### Problem to solve
Begin at the line containing "exists (h n)." in the data below and go on through the line containing "move=> ak kk;", repeating each line exactly; include both ends and no other line.

[Data excerpts]
Lemma ord_le_trans x y z : le lt x y -> le lt y z -> le lt x z.
Proof. intros [h|<-] h2; [left; eapply ord_lt_le_trans|]; eauto. Qed.

Lemma ord_le_not_lt x y : le lt x y -> ~ lt y x.
Proof. intros h h2. apply (ord_irrefl x). eapply ord_le_lt_trans; eauto. Qed.

Lemma ord_least (P : L -> Prop) :
  (exists x, P x) -> exists m, P m /\ forall y, P y -> le lt m y.
Proof.
  intros [x Px]. apply NNPP; intro Hn.
  enough (Hno : forall z, ~ P z) by exact (Hno x Px).
  intro z. induction z as [z IH] using (well_founded_ind ord_wf). intro Pz.
  apply Hn. exists z. split; [exact Pz|].
  intros y Py. apply ord_not_lt. intro h. exact (IH y h Py).
Qed.

Lemma ord_strict_mono_inflationary (k : L -> L) :
  (forall x y, lt x y -> lt (k x) (k y)) -> forall x, le lt x (k x).
Proof.
  intros Hk x. apply ord_not_lt. intro H.
  destruct (ord_least (fun z => lt (k z) z) (ex_intro _ x H)) as [m [Hm Hmin]].
  exact (ord_le_not_lt _ _ (Hmin (k m) (Hk _ _ Hm)) Hm).
Qed.

Definition seq_sup (f : nat -> L) (s : L) : Prop :=
  (forall n, lt (f n) s) /\ forall g, lt g s -> exists n, le lt g (f n).

Lemma seq_sup_exists (f : nat -> L) u : (forall n, lt (f n) u) ->
  exists s, seq_sup f s /\ le lt s u.
Proof.
  intro Hu. destruct (ord_least (fun y => forall n, lt (f n) y) (ex_intro _ u Hu))
    as [s [Hs Hmin]].
  exists s. repeat split; auto.
  intros g Hg. apply NNPP; intro Hn. refine (ord_le_not_lt _ _ (Hmin g _) Hg).
  intro n. apply ord_not_le. intro h. apply Hn. eauto.
Qed.

Lemma seq_sup_closed (f h : nat -> L) (C : L -> Prop) s : seq_sup f s ->
  (forall n, C (h n) /\ lt (f n) (h n) /\ lt (h n) s) ->
  (exists c, C c /\ lt c s) /\ is_sup_below lt C s.
Proof.
  intros [_ Hcof] Hh. split.
  - exists (h 0). split; apply Hh.
  - intros g Hg. destruct (Hcof g Hg) as [n Hn]. destruct (Hh n) as [? [? ?]].
    exists (h n). split; [|split]; auto. eapply ord_le_lt_trans; eauto.
Qed.

Lemma club_seq_sup (f h : nat -> L) (C : L -> Prop) s : club lt C -> seq_sup f s ->
  (forall n, C (h n) /\ lt (f n) (h n) /\ lt (h n) s) -> C s.
Proof.
  intros HC Hs Hh. destruct (seq_sup_closed f h C s Hs Hh). now apply (proj2 HC).
Qed.

Lemma iter_ord_lt (F : L -> L) x0 : (forall x, lt x (F x)) ->
  forall m n, m < n -> lt (Nat.iter m F x0) (Nat.iter n F x0).
Proof.
  intros HF m n Hmn. induction n as [|n IH]; [lia|]. simpl.
  destruct (PeanoNat.Nat.eq_dec m n) as [->|Hne]; [apply HF|].
  eapply ord_trans; [apply IH; lia | apply HF].
Qed.
Lemma scale_conj k k' phi : is_automorphism T k -> inverse_fun k k' ->
  scale T (k \o phi \o k') = scale T phi.
Proof.
move=> ak kk; have ak' := aut_inverse_fun ak kk.
rewrite /scale; congr (xget _ _); apply/seteqP; split=> n /= [[V [coV ->]] V_min].
- split.
    exists (k' @` V); split; first exact: compact_open_subgroup_image ak' coV.
    exact: displacement_conj ak kk.
  move=> W coW; have := V_min _ (compact_open_subgroup_image ak coW).
  by rewrite (displacement_conj phi (k @` W) ak kk) (image_inverse_funK W kk).
- split.
    exists (k @` V); split; first exact: compact_open_subgroup_image ak coV.
    by rewrite (displacement_conj phi (k @` V) ak kk) (image_inverse_funK V kk).
  move=> W coW; rewrite (displacement_conj phi W ak kk).
  exact/V_min/compact_open_subgroup_image.
Qed.

Lemma dist_flat beta gamma (O : set G) : is_automorphism T beta ->
  inverse_fun beta gamma ->
  displacement T beta O = scale T beta -> displacement T gamma O = scale T gamma ->
  dist T (beta @` O) O = ln (INR (scale T beta * scale T gamma)).
Proof.
move=> abeta bg beta_min gamma_min; rewrite /dist.
have -> : Defs.index T O (O `&` beta @` O) = displacement T gamma O.
  have e : O = beta @` (gamma @` O) by rewrite (image_inverse_funK O (inverse_funC bg)).
  rewrite {1 2}e; exact: index_image (aut_hom abeta) bg.
by rewrite -beta_min -gamma_min.
Qed.

Lemma dist_conj_le f j beta (O : set G) : compact_open_subgroup T O ->
  is_automorphism T f -> inverse_fun f j -> is_automorphism T beta ->
  Rle (dist T ((f \o beta \o j) @` O) O)
      (Rplus (dist T (beta @` O) O) (Rplus (dist T (f @` O) O) (dist T (f @` O) O))).
Proof.
move=> coO af fj abeta; have aj := aut_inverse_fun af fj.
have cob := compact_open_subgroup_image abeta coO.
have cofb := compact_open_subgroup_image af cob.
have d1 := dist_triangle (compact_open_subgroup_image af
  (compact_open_subgroup_image abeta (compact_open_subgroup_image aj coO))) cofb coO.
have d2 := dist_triangle cofb (compact_open_subgroup_image af coO) coO.
have dj : dist T (j @` O) O = dist T (f @` O) O.
  by rewrite -(dist_aut _ _ af) (image_inverse_funK _ (inverse_funC fj)) distC.
rewrite !(dist_aut _ _ af) (dist_aut _ _ abeta) in d1.
rewrite (dist_aut _ _ af) in d2.
have -> : (f \o beta \o j) @` O = f @` (beta @` (j @` O)) by rewrite !image_comp.
lra.
Qed.

(** ** Groups of automorphisms *)

Section AutGroup.
Variable H : set (G -> G).
Hypothesis autH : is_aut_group T H.

Lemma aut_group_aut f : H f -> is_automorphism T f.
Proof. by case: autH => Haut _ _ _; apply: Haut. Qed.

### Reply to the task
    exists (h n). split; [|split]; auto. eapply ord_le_lt_trans; eauto.
Qed.

Lemma club_seq_sup (f h : nat -> L) (C : L -> Prop) s : club lt C -> seq_sup f s ->
  (forall n, C (h n) /\ lt (f n) (h n) /\ lt (h n) s) -> C s.
Proof.
  intros HC Hs Hh. destruct (seq_sup_closed f h C s Hs Hh). now apply (proj2 HC).
Qed.

Lemma iter_ord_lt (F : L -> L) x0 : (forall x, lt x (F x)) ->
  forall m n, m < n -> lt (Nat.iter m F x0) (Nat.iter n F x0).
Proof.
  intros HF m n Hmn. induction n as [|n IH]; [lia|]. simpl.
  destruct (PeanoNat.Nat.eq_dec m n) as [->|Hne]; [apply HF|].
  eapply ord_trans; [apply IH; lia | apply HF].
Qed.
Lemma scale_conj k k' phi : is_automorphism T k -> inverse_fun k k' ->
  scale T (k \o phi \o k') = scale T phi.
Proof.
move=> ak kk; have ak' := aut_inverse_fun ak kk.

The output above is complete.